OpenAI is positioning ChatGPT’s next phase as a shift from a reactive tool – one that answers prompts – to a personal super-assistant that understands users deeply, anticipates needs, and helps them take action. And this year, the company is ramping up revenue growth initiatives across the board.

by Valerie Arnould valerie.arnould@wan-ifra.org | January 20, 2026

In a discussion hosted by Ezra Eeman, as part of the WAN-IFRA AI in Media Initiative he leads – and the first in a new series called “Publishers and Platforms” – Varun Shetty, VP, Media Partnerships at OpenAI, described their 2026 priorities across personalisation, proactive experiences and the evolution of ChatGPT Search, an apps ecosystem designed for account linking and action-taking, and experiments with monetisation.

The headline ambition for 2026: personalisation + proactivity

“If you had a human assistant, and you could only get information from them by asking them questions, I think you would be unsatisfied with that,” says Shetty. “What you would want is your assistant to deeply understand you – your preferences, your goals, your habits – and be able to come to you with information that helps you accomplish all of those things.”

From that observation, Shetty draws a direct line to 2026: “As we look to 2026, a very big opportunity for ChatGPT is to increase personalisation and make it easier for the people who use ChatGPT to take actions and accomplish their goals.”

That’s not abstract positioning – there are already “seeds” of this approach in recently launched agentic features and more verticalised experiences.

Pulse: A ‘daily digest’ that could matter for news

Pulse is a good example of a proactive experience.
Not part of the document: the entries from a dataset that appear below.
Lemma between_cf_prefix (p : seq nat) (u w r : rat) : 0 < u -> 0 < w ->
  between (cf_prefix p u) (cf_prefix p w) r ->
  exists s, between u w s /\ r = cf_prefix p s.
Proof.
move=> u0 w0; elim: p r => [|x p IH] r; first by move=> H; exists r.
rewrite /= /between => H.
have U0 := cf_prefix_gt0 p u0; have W0 := cf_prefix_gt0 p w0.
set U := cf_prefix p u in H U0 *; set W := cf_prefix p w in H W0 *.
have iU : 0 < U^-1 by rewrite invr_gt0.
have iW : 0 < W^-1 by rewrite invr_gt0.
have r0 : 0 < r - x%:R by case/orP: H => /andP [? ?]; lra.
have H' : between U W (r - x%:R)^-1.
  rewrite /between -[U]invrK -[W]invrK.
  case/orP: H => /andP [? ?]; apply/orP; [right | left]; apply/andP;
    by split; rewrite ltf_pV2 ?posrE ?invr_gt0 //; lra.
have [s [Hs Es]] := IH _ H'.
by exists s; split => //; rewrite -Es invrK; lra.
Qed.

Lemma between_convergents (p : seq nat) (A b : nat) (r : rat) :
  (0 < A)%N -> (0 < b)%N -> between (cf_val (p ++ [:: A])) (cf_val (p ++ [:: A; b])) r ->
  exists L, [/\ L != [::], pos_seq L, (b <= head 0%N L)%N & r = cf_val (p ++ A :: L)].
Proof.
move=> A0 b0; rewrite !cf_val_cat // [cf_val [:: A; b]]cf_val_cons // => H.
have AR : 0 < A%:R :> rat by rewrite ltr0n.
have bR : 0 < b%:R :> rat by rewrite ltr0n.
have ibR : 0 < (b%:R : rat)^-1 by rewrite invr_gt0.
have [s [Hs ->]] := between_cf_prefix AR (ltr_wpDr (ltW ibR) AR) H.
have [gt_sA lt_sAb] : A%:R < s /\ s < A%:R + (b%:R)^-1.
  by case/orP: Hs => /andP [? ?]; split => //; lra.
set t := (s - A%:R)^-1.
have lt_bt : b%:R < t by rewrite /t -[b%:R]invrK ltf_pV2 ?posrE ?invr_gt0 //; lra.
have ge1_t : 1 <= t by rewrite -(ler1n rat) in b0; lra.
have [L0 pL vL] := cf_of_rat_ok ge1_t.
exists (cf_of_rat t); split => //.
  have := cf_val_head L0 pL; rewrite vL => le_t.
  by rewrite -ltnS -(ltr_nat rat) -natr1; lra.
by rewrite cf_val_cat // cf_val_cons // vL /t invrK; congr cf_prefix; lra.
Qed.

Lemma qcong_taylor_qrat (k : nat) (L L' : seq nat) :
  L != [::] -> pos_seq L -> L' != [::] -> pos_seq L' ->
  qcong k (qcf true L) (qcf true L') ->
  forall j, (j < k)%N -> taylor (qrat (cf_val L)) j = taylor (qrat (cf_val L')) j.
Proof.
move=> L0 pL L'0 pL' cong; rewrite !qrat_cf //.
by apply: qcong_taylor cong; apply: regular_qcf.
Qed.

Lemma conv_cat (a : nat -> nat) (n k : nat) :
  conv a (n + k) = cf_val ([seq a i | i <- iota 1 n] ++ [seq a i | i <- iota n.+1 k]).
Proof. by rewrite /conv iotaD map_cat add1n. Qed.

Lemma sum_partial_quotients (a : nat -> nat) (n : nat) :
  (\sum_(1 <= i < n.+1) a i)%N = sumn [seq a i | i <- iota 1 n].
Proof. by rewrite sumnE big_map /index_iota subn1. Qed.

Theorem lemma3p1 (a : nat -> nat) (m : nat) :
  (forall i : nat, (1 <= i)%N -> (0 < a i)%N) ->
  ~~ odd m -> (2 <= m)%N ->
  forall r : rat, conv a m.-1 < r -> r < conv a m ->
  forall j : nat, (j < (\sum_(1 <= i < m.+1) a i).-1)%N ->
    taylor (qrat r) j = taylor (qrat (conv a m.-1)) j /\
    taylor (qrat r) j = taylor (qrat (conv a m)) j.
Proof.
move=> a_pos + + r; case: m => [|[|n]] // ev_n _ gt_r lt_r j lt_j.
set p := [seq a i | i <- iota 1 n]; set A := a n.+1; set b := a n.+2.
have A0 : (0 < A)%N by apply: a_pos.
have b0 : (0 < b)%N by apply: a_pos.
have pp : pos_seq p.
  by apply/allP => x /mapP [i]; rewrite mem_iota => /andP [/a_pos ? _] ->.
have ev_p : ~~ odd (size p) by rewrite size_map size_iota; rewrite /= negbK in ev_n.
have conv_A : conv a n.+1 = cf_val (p ++ [:: A]) by rewrite -addn1 conv_cat.
have conv_b : conv a n.+2 = cf_val (p ++ [:: A; b]) by rewrite -addn2 conv_cat.
have [L [L0 pL le_bL ->]] : exists L, [/\ L != [::], pos_seq L, (b <= head 0%N L)%N &
    r = cf_val (p ++ A :: L)].
  by apply: between_convergents => //; rewrite -conv_A -conv_b /between gt_r lt_r.
have lt_jk : (j < sumn p + (A + b.-1))%N.
  rewrite sum_partial_quotients -addn2 iotaD map_cat sumn_cat in lt_j.
  by rewrite /= addn0 -/p -/A -/b -(prednK b0) !addnS in lt_j.
have [cong_b cong_A] := qcf_tail_qcong ev_p pp A0 b0 L0 pL le_bL.
rewrite conv_A conv_b.
by split; [apply: (qcong_taylor_qrat _ _ _ _ cong_A lt_jk)
  | apply: (qcong_taylor_qrat _ _ _ _ cong_b lt_jk)];
  rewrite ?pos_seq_cat ?pp //= ?A0 ?b0 //; case: (p).
Qed.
It’s an agentic product that searches overnight for information related to a user’s interests and brings it back.

Shetty described it as “essentially a daily digest that is served to you within ChatGPT” and that “pushes you information” based on what you’ve been chatting about recently.

But Pulse also highlights a constraint shaping OpenAI’s roadmap: cost. Shetty called it “a relatively compute-intensive product… requiring a lot of GPUs,” which is why it is currently limited “to our pro users in the US,” while OpenAI invests in compute power and inference in other regions to expand access.

Search: grounding, citations, link-outs – and a more ‘bespoke’ news experience

Shetty described ChatGPT Search as OpenAI’s answer to a basic limitation of early ChatGPT: it couldn’t reliably handle “recent events” queries.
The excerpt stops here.